In recent weeks, he said, "more than 20 wanted individuals have responded to their parents' calls, and voluntarily gave themselves up through their families".

They are now being held in Ramadi prison, he added.

Iraqi forces from the Anbar and al-Jazeera commands have issued several calls for ISIS remnants hiding in desert areas to surrender, he said.

Their decision to voluntarily hand themselves over will be taken into consideration when they go trial, al-Samarmad said.

The so-called "Last Warning Operations", which kicked off on October 8th, have included large-scale tracking of ISIS remnants and their secret desert bases.

The campaign has included leaflet drops and warning messages, giving the ISIS holdouts a choice between surrender and death, al-Samarmad said.

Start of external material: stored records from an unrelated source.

(* Let $N$ be an absolute prime with $n>3$ decimal digits that is not a repunit. Then $11088\mid n$ (note $11088=\mathrm{lcm}(16,18,22,28)$).
   Context: For a positive integer $N$ with decimal representation $d_1d_2\dots d_n$ (digits $d_k\in\{0,\dots,9\}$, $d_1\neq 0$), a permutation of the digits of $N$ is any integer $\sum_{k=1}^{n} d_{\sigma(k)}10^{n-k}$ with $\sigma$ a permutation of $\{1,\dots,n\}$. $N$ is called an absolute prime if every integer obtained by a permutation of the digits of $N$ (including $N$ itself) is prime. A repunit is an integer $A_m=(10^m-1)/9$, all of whose decimal digits are $1$. *)

From mathcomp Require Import all_boot.
Set Implicit Arguments. Unset Strict Implicit. Unset Printing Implicit Defensive.

Fixpoint rev_digits_aux (fuel n : nat) : seq nat :=
  match fuel with
  | 0 => [::]
  | fuel'.+1 => if n == 0 then [::] else (n %% 10) :: rev_digits_aux fuel' (n %/ 10)
  end.

Definition digits (n : nat) : seq nat := rev (rev_digits_aux n n).

Definition from_digits (s : seq nat) : nat := foldl (fun a d => a * 10 + d) 0 s.

Definition absolute_prime (N : nat) : Prop :=
  0 < N /\ forall s : seq nat, perm_eq s (digits N) -> prime (from_digits s).

Definition repunit (m : nat) : nat := (10 ^ m - 1) %/ 9.

Definition is_repunit (N : nat) : Prop := exists m, N = repunit m.

From mathcomp Require Import all_boot zify.
Set Implicit Arguments. Unset Strict Implicit. Unset Printing Implicit Defensive.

Strengthening social fabric

The recent surrenders came "in connection with local efforts to close the ISIS phase and strengthen social co-existence", al-Samarmad said.

"There is regular communication and meetings between security leaders, tribal leaders and dignitaries and local residents in western Anbar," he said.

During these meetings, the various stakeholders discuss ways to strengthen security and enhance joint co-operation in dealing with ISIS remnants and sleeper cells, he said.

"These meetings have contributed to alleviating many problems, most notably the issue of families that have children who were part of ISIS," he said.

"There is a wish to end the displacement of women, children and the elderly in those families, and to return them to their homes and accept them as any other citizen, who have responsibilities and duties, and also have rights," he added.

"We seek to strengthen the rule of law and eliminate any source of conflict that might threaten the social fabric and the strong relations between the tribesmen," al-Samarmad said.

During the time it was in control, ISIS tried to spread hatred and animosity among the tribes, he noted.

Tribal leaders, clerics, academics and civic activists continue to organise awareness-raising courses and seminars in schools and mosques to teach people, especially youth, to reject extremist ideas, al-Samarmad said.

These courses encourage Iraqi citizens to increase their support for the security forces and play their part in re-establishing civil peace, he said.